This fellow will certainly very easily come under the definition of "promoter." But I mention the fact that having bought this block of stock and then started out to sell part of it in interstate commerce, he becomes the issuer and later

The CHAIRMAN. It says, "issuer on behalf of the company," does it not?

Mr. BREED. It does not say “company". It says “who issues, has issued, or proposes to issue”.

The CHAIRMAN. On behalf of the company?
Mr. BREED. But it does not say that, Senator.

Senator STEIWER. It says that the issuer is the man who issues, does it not?

Mr. BREED. That is the best opinion of all the people that I have talked with down here in the two days that we have been here.

Senator STEIWER. Is there any adjudication to that effect? Mr. BREED. No; you have got to use your legal judgment; but it is our belief that this law will apply to a block of stock in the hands of a broker on the New York Stock Exchange who is selling to you, and he happens to have 10,000 shares and he sells it to a lot of different people. He is an issuer because he is selling that stock in interstate commerce.

Let us go a step further in this illustration, which I apologize for taking so long to carry through, but I do feel that it is a practical problem, and I know you want to know how this will work practically. We feel that this law should contain two or three fundamental things, and that you have to determine them.

The first fundamental that I say you as a committee should determine is whether in this act you wish to have it relate to all present securities that are issued and require them all to file before anybody can deal in them or only to securities issued after the passage of the act.

I was glad to hear Mr. Thompson say that he would amend the act so as to have it only apply after the date of its passage

Mr. THOMPSON. From the date of its passage, with an additional statement

Mr. BREED. With the additional clause which I think you and I agreed was proper, that it does not cover securities in the treasury of a company, even though a part of the issue has been previously sold. If you have this act amended in that way, you will find that it is going to remove many difficulties.

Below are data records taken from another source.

(* Let $\mathcal V$ be a finite set of variables ranging over $\mathbb{N}$ and let $\Sigma=\mathcal V\cup\{\underline{x} : x\in\mathcal V\}$ (a fresh underlined copy of each variable). Every equation of one of the forms $x=c$ (with $c\in\mathbb{N}$), $x+y=z$, or $x\cdot y=z$, where $x,y,z\in\mathcal V$ are pairwise distinct variables, is encoded by some language $L\subseteq\Sigma^*$ that is definable by a regulated $\mathsf{C\text{-}RASP}$ formula.
   Context: $\mathsf{C\text{-}RASP}$ formulas over a finite alphabet $\Sigma$: $\phi ::= \sigma \mid \Diamond^{-}\phi \mid \Box^{-}\phi \mid \neg\phi \mid \phi_1\wedge\phi_2 \mid \sum_{t\in\mathcal{T}}\alpha_t t\sim k$, terms $t ::= \#[\phi] \mid c$, with $\sigma\in\Sigma$, $\alpha_t,k,c\in\mathbb{Z}$, ${\sim}\in\{<,\le,=,\ge,>\}$. Semantics at position $i$ of $w=w_1\cdots w_n$: $w,i\models\sigma$ iff $w_i=\sigma$; Boolean connectives as usual; $w,i\models\Diamond^{-}\phi$ iff $w,j\models\phi$ for some $j<i$; $w,i\models\Box^{-}\phi$ iff $w,j\models\phi$ for all $j\le i$; $\#[\phi]$ evaluates to $|\{j\in[1,i]: w,j\models\phi\}|$, $c$ to $c$, and comparisons are integer comparisons. $w\models\phi$ iff $w,|w|\models\phi$; $\phi$ defines $L(\phi)=\{w: w\models\phi\}$. A formula is regulated if no atomic formula $\sigma$ ($\sigma\in\Sigma$) occurs outside the scope of a counting operator $\#$. For $w\in\Sigma^*$ and $\sigma\in\Sigma$, $|w|_\sigma$ is the number of occurrences of $\sigma$ in $w$. A language $L\subseteq\Sigma^*$ encodes an equation $\mathcal D$ over variables $x_1,\dots,x_m\in\mathcal V\subseteq\Sigma$ if (i) for every $w\in L$, the assignment $x_i\mapsto|w|_{x_i}$ satisfies $\mathcal D$, and (ii) for all $n_1,\dots,n_m\in\mathbb N$ satisfying $\mathcal D$ there is $w\in L$ with $|w|_{x_i}=n_i$ for all $i\in[m]$. *)

From mathcomp Require Import all_boot all_order all_algebra.
Set Implicit Arguments. Unset Strict Implicit. Unset Printing Implicit Defensive.
Import Order.TTheory GRing.Theory Num.Theory.

Inductive cmp := CLt | CLe | CEq | CGe | CGt.

Inductive cform (S : Type) :=
  | FAtom : S -> cform S
  | FDiaM : cform S -> cform S
  | FBoxM : cform S -> cform S
  | FNeg  : cform S -> cform S
  | FAnd  : cform S -> cform S -> cform S
  | FCmp  : ctsum S -> cmp -> int -> cform S
with ctsum (S : Type) :=
  | TNil  : ctsum S
  | TCons : int -> cterm S -> ctsum S -> ctsum S
with cterm (S : Type) :=
  | TCount : cform S -> cterm S
  | TConst : int -> cterm S.

Definition cmp_eval (c : cmp) (a b : int) : bool :=
  match c with
  | CLt => (a < b)%R | CLe => (a <= b)%R | CEq => a == b
  | CGe => (b <= a)%R | CGt => (b < a)%R
  end.

Section Semantics.
Variable S : eqType.
Variable w : seq S.

(** positions are 1..size w; letter at position i is nth (i-1). *)
Definition letter_at (i : nat) : option S := nth None (map Some w) i.-1.

Fixpoint sat (i : nat) (f : cform S) {struct f} : bool :=
  match f with
  | FAtom s => (0 < i)%N && (letter_at i == Some s)
  | FDiaM g => has (fun j => sat j g) (iota 1 i.-1)
  | FBoxM g => all (fun j => sat j g) (iota 1 i)
  | FNeg g => ~~ sat i g
  | FAnd g h => sat i g && sat i h
  | FCmp ts c k => cmp_eval c (tsum_eval i ts) k
  end
with tsum_eval (i : nat) (ts : ctsum S) {struct ts} : int :=
  match ts with
  | TNil => 0%R
  | TCons a t rest => (a * term_eval i t + tsum_eval i rest)%R
  end
with term_eval (i : nat) (t : cterm S) {struct t} : int :=
  match t with
  | TCount g => (count (fun j => sat j g) (iota 1 i))%:Z
  | TConst c => c
  end.

End Semantics.

Definition lang (S : eqType) (f : cform S) : seq S -> Prop :=
  fun w => sat w (size w) f.

Fixpoint regulated (S : Type) (f : cform S) : bool :=
  match f with
  | FAtom _ => false
  | FDiaM g => regulated g
  | FBoxM g => regulated g
  | FNeg g => regulated g
  | FAnd g h => regulated g && regulated h
  | FCmp _ _ _ => true
  end.

Inductive nequation (V : Type) :=
  | EqConst : V -> nat -> nequation V
  | EqAdd : V -> V -> V -> nequation V
  | EqMul : V -> V -> V -> nequation V.

Definition eqn_sat (V : Type) (a : V -> nat) (D : nequation V) : Prop :=
  match D with
  | EqConst x c => a x = c
  | EqAdd x y z => a x + a y = a z
  | EqMul x y z => a x * a y = a z
  end.

Definition eqn_vars (V : Type) (D : nequation V) : seq V :=
  match D with
  | EqConst x _ => [:: x]
  | EqAdd x y z => [:: x; y; z]
  | EqMul x y z => [:: x; y; z]
  end.

Definition eqn_wf (V : eqType) (D : nequation V) : bool := uniq (eqn_vars D).

(** Alphabet Sigma = V (inl) together with underlined copies (inr). *)
Definition Alph (V : finType) : finType := (V + V)%type.

Definition encodes (V : finType) (L : seq (Alph V) -> Prop) (D : nequation V) : Prop :=
  (forall w, L w -> eqn_sat (fun x => count_mem (inl x : Alph V) w) D) /\
  (forall n : V -> nat, eqn_sat n D ->
     exists2 w, L w & forall x, x \in eqn_vars D -> count_mem (inl x : Alph V) w = n x).

From mathcomp Require Import all_boot all_order all_algebra zify.
Set Implicit Arguments. Unset Strict Implicit. Unset Printing Implicit Defensive.
Import GRing.Theory.

(* x = c and x + y = z are single linear constraints on letter counts.  For x * y = z, with
   R and Q the underlined copies of z and y, take the words x^a (y z^a R Q^a)^k: a check at
   every position, selected by its letter and looking only at the counts so far, forces each
   block of z's to have length #x, so that finally #z = #x * #y. *)

Notation accepts f w := (sat w (size w) f).

Scheme cform_ind_mut := Induction for cform Sort Prop
with ctsum_ind_mut := Induction for ctsum Sort Prop
with cterm_ind_mut := Induction for cterm Sort Prop.
Combined Scheme cform_mutind from cform_ind_mut, ctsum_ind_mut, cterm_ind_mut.

Lemma count_rcons (T : Type) (a : pred T) s x : count a (rcons s x) = count a s + a x.
Proof. by rewrite -cats1 count_cat /= addn0. Qed.

Section PastDetermined.
Variables (S : eqType) (s : seq S) (c : S).

Lemma sat_rcons_mut :
  (forall f i, i <= size s -> sat (rcons s c) i f = sat s i f) /\
  (forall ts i, i <= size s -> tsum_eval (rcons s c) i ts = tsum_eval s i ts) /\
  (forall t i, i <= size s -> term_eval (rcons s c) i t = term_eval s i t).
Proof.
have in_iota i j : i <= size s -> j \in iota 1 i -> j <= size s.
  by rewrite mem_iota add1n ltnS => le_is /andP[_ /leq_trans->].
apply: (@cform_mutind S (fun f => forall i, i <= size s -> sat (rcons s c) i f = sat s i f)
  (fun ts => forall i, i <= size s -> tsum_eval (rcons s c) i ts = tsum_eval s i ts)
  (fun t => forall i, i <= size s -> term_eval (rcons s c) i t = term_eval s i t)) => /=.
- move=> u [|i] //= le_is.
  by rewrite /letter_at /= map_rcons nth_rcons size_map le_is.
- move=> g IHg i le_is; have le_i1s := leq_trans (leq_pred i) le_is.
  by apply: eq_in_has => j /(in_iota _ _ le_i1s)/IHg.
- by move=> g IHg i le_is; apply: eq_in_all => j /(in_iota _ _ le_is)/IHg.
- by move=> g IHg i /IHg->.
- by move=> g IHg h IHh i le_is; rewrite IHg ?IHh.
- by move=> ts IHts k n i /IHts->.
- by [].
- by move=> a t IHt ts IHts i le_is; rewrite IHt ?IHts.
- move=> g IHg i le_is; congr (Posz _).
  by apply: eq_in_count => j /(in_iota _ _ le_is)/IHg.
- by [].
Qed.

Lemma sat_rcons f i : i <= size s -> sat (rcons s c) i f = sat s i f.
Proof. by move=> le_is; case: sat_rcons_mut => ->. Qed.

End PastDetermined.

Section Counting.
Variable S : eqType.
Implicit Types (f g : cform S) (s w : seq S) (c u : S).

Definition count_sat g w : nat := count (fun j => sat w j g) (iota 1 (size w)).

Lemma accepts_and f g w : accepts (FAnd f g) w = accepts f w && accepts g w.
Proof. by []. Qed.

Lemma accepts_atom_rcons u s c : accepts (FAtom u) (rcons s c) = (c == u).
Proof.
by rewrite /= size_rcons /letter_at /= map_rcons nth_rcons size_map ltnn eqxx.
Qed.

Lemma count_sat_rcons g s c :
  count_sat g (rcons s c) = count_sat g s + accepts g (rcons s c).
Proof.
rewrite /count_sat [in iota _ _]size_rcons -[(size s).+1]addn1 iotaD count_cat /=.
rewrite add1n addn0 size_rcons; congr (_ + _).
by apply: eq_in_count => j; rewrite mem_iota add1n ltnS => /andP[_ /sat_rcons->].
Qed.

Lemma count_sat_atom u w : count_sat (FAtom u) w = count_mem u w.
Proof.
elim/last_ind: w => [|s c IHs] //.
by rewrite count_sat_rcons IHs accepts_atom_rcons count_rcons.
Qed.

Fixpoint count_sum (a : int) (us : seq S) (rest : ctsum S) : ctsum S :=
  if us is u :: us' then TCons a (TCount (FAtom u)) (count_sum a us' rest) else rest.

Lemma tsum_eval_count_sum a us rest w :
  tsum_eval w (size w) (count_sum a us rest) =
  (a * Posz (sumn [seq count_mem u w | u <- us]) + tsum_eval w (size w) rest)%R.
Proof.
elim: us => [|u us IHus] /=; first by rewrite mulr0 add0r.
by rewrite IHus -[count _ _]/(count_sat (FAtom u) w) count_sat_atom PoszD mulrDr addrA.
Qed.

Definition count_eq (us vs : seq S) (k : nat) : cform S :=
  FCmp (count_sum 1 us (count_sum (-1) vs (TNil S))) CEq (Posz k).

Lemma accepts_count_eq us vs k w :
  accepts (count_eq us vs k) w =
  (sumn [seq count_mem u w | u <- us] == sumn [seq count_mem v w | v <- vs] + k).
Proof. by rewrite /= !tsum_eval_count_sum /=; apply/eqP/eqP; lia. Qed.

(* Box^- f would leave the atoms of f outside every count;
   #[~ f] = 0 keeps the formula regulated. *)
Definition always f : cform S := FCmp (TCons 1 (TCount (FNeg f)) (TNil S)) CEq 0.

Lemma accepts_always_rcons f s c :
  accepts (always f) (rcons s c) = accepts (always f) s && accepts f (rcons s c).
Proof.
have always_count w : accepts (always f) w = (count_sat (FNeg f) w == 0).
  by rewrite /= mul1r addr0.
by rewrite !always_count count_sat_rcons addn_eq0 /=; case: sat.
Qed.

Lemma accepts_always_cat_nseq f s c n :
  accepts (always f) s ->
  (forall i, i < n -> accepts f (rcons (s ++ nseq i c) c)) ->
  accepts (always f) (s ++ nseq n c).
Proof.
elim: n => [|n IHn] acc_s acc_f; first by rewrite cats0.
have acc_n : accepts (always f) (s ++ nseq n c).
  by apply: IHn => // i /ltnW; apply: acc_f.
by rewrite -addn1 nseqD catA cats1 accepts_always_rcons acc_n acc_f.
Qed.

The next thing you have to determine is whether you wish to give the Federal Trade Commission power

Senator WAGNER. Have you some suggestions to make as to how far the responsibility for the statement should go?

Mr. BREED. May I come to that in just a moment, Senator Wagner?
Senator WAGNER. You intend to come to it, do you?
Mr. BREED. Oh, yes.

My next fundamental is that you must decide whether you wish to give the Federal Trade Commission the power to revoke. As was

brought out in the House committee, if a corporation is required to register its stock and the Federal Trade Commission is given the power to revoke at any subsequent time, you have this illogical situation. The President says that we must not become the guarantors of the securities. Mr. Thompson agrees to that; but if you require a corporation to register and then you reserve the power to revoke, would it not be better for the corporation to have you pass on it at the start? How long is the Federal Trade Commission going to take to investigate these facts to determine whether they are going to revoke-1 week, 3 weeks, 5 weeks?

Let us come to the public. Let us say that the Commission has not revoked for 5 weeks. The issuer is entitled upon registration and filing to sell the securities. He has sold those securities to you and to me. We have paid our good money for them. Five weeks thereafter comes the Federal Trade Commission and says, “We have looked into this and we revoke the issue of these securities."

As a member of the public, I object; I have paid my money, and the only fellow that is hurt or injured is myself. I have bought the securities. The sale by me is revoked. I cannot sell. I would much rather have the Government pass at the start on whether those securities were good or bad, the same as in these license States. It is much better to have a license law than to have a law that 5 weeks after I have paid my money for the securities the Government is going to say that no further sale can be made. What is the effect on the market value of the securities of a corporation after the Federal Trade Commission has issued a revocation? I would say that it would not be worth very much. The public is the loser. It affects the public. The intention of the framers of this bill was to get after the issuer. That is the corporation. It does not affect the corporation very much after an issue is revoked, because the corporation has received its money from sale of the securities from the underwriter or otherwise. It is a finished transaction.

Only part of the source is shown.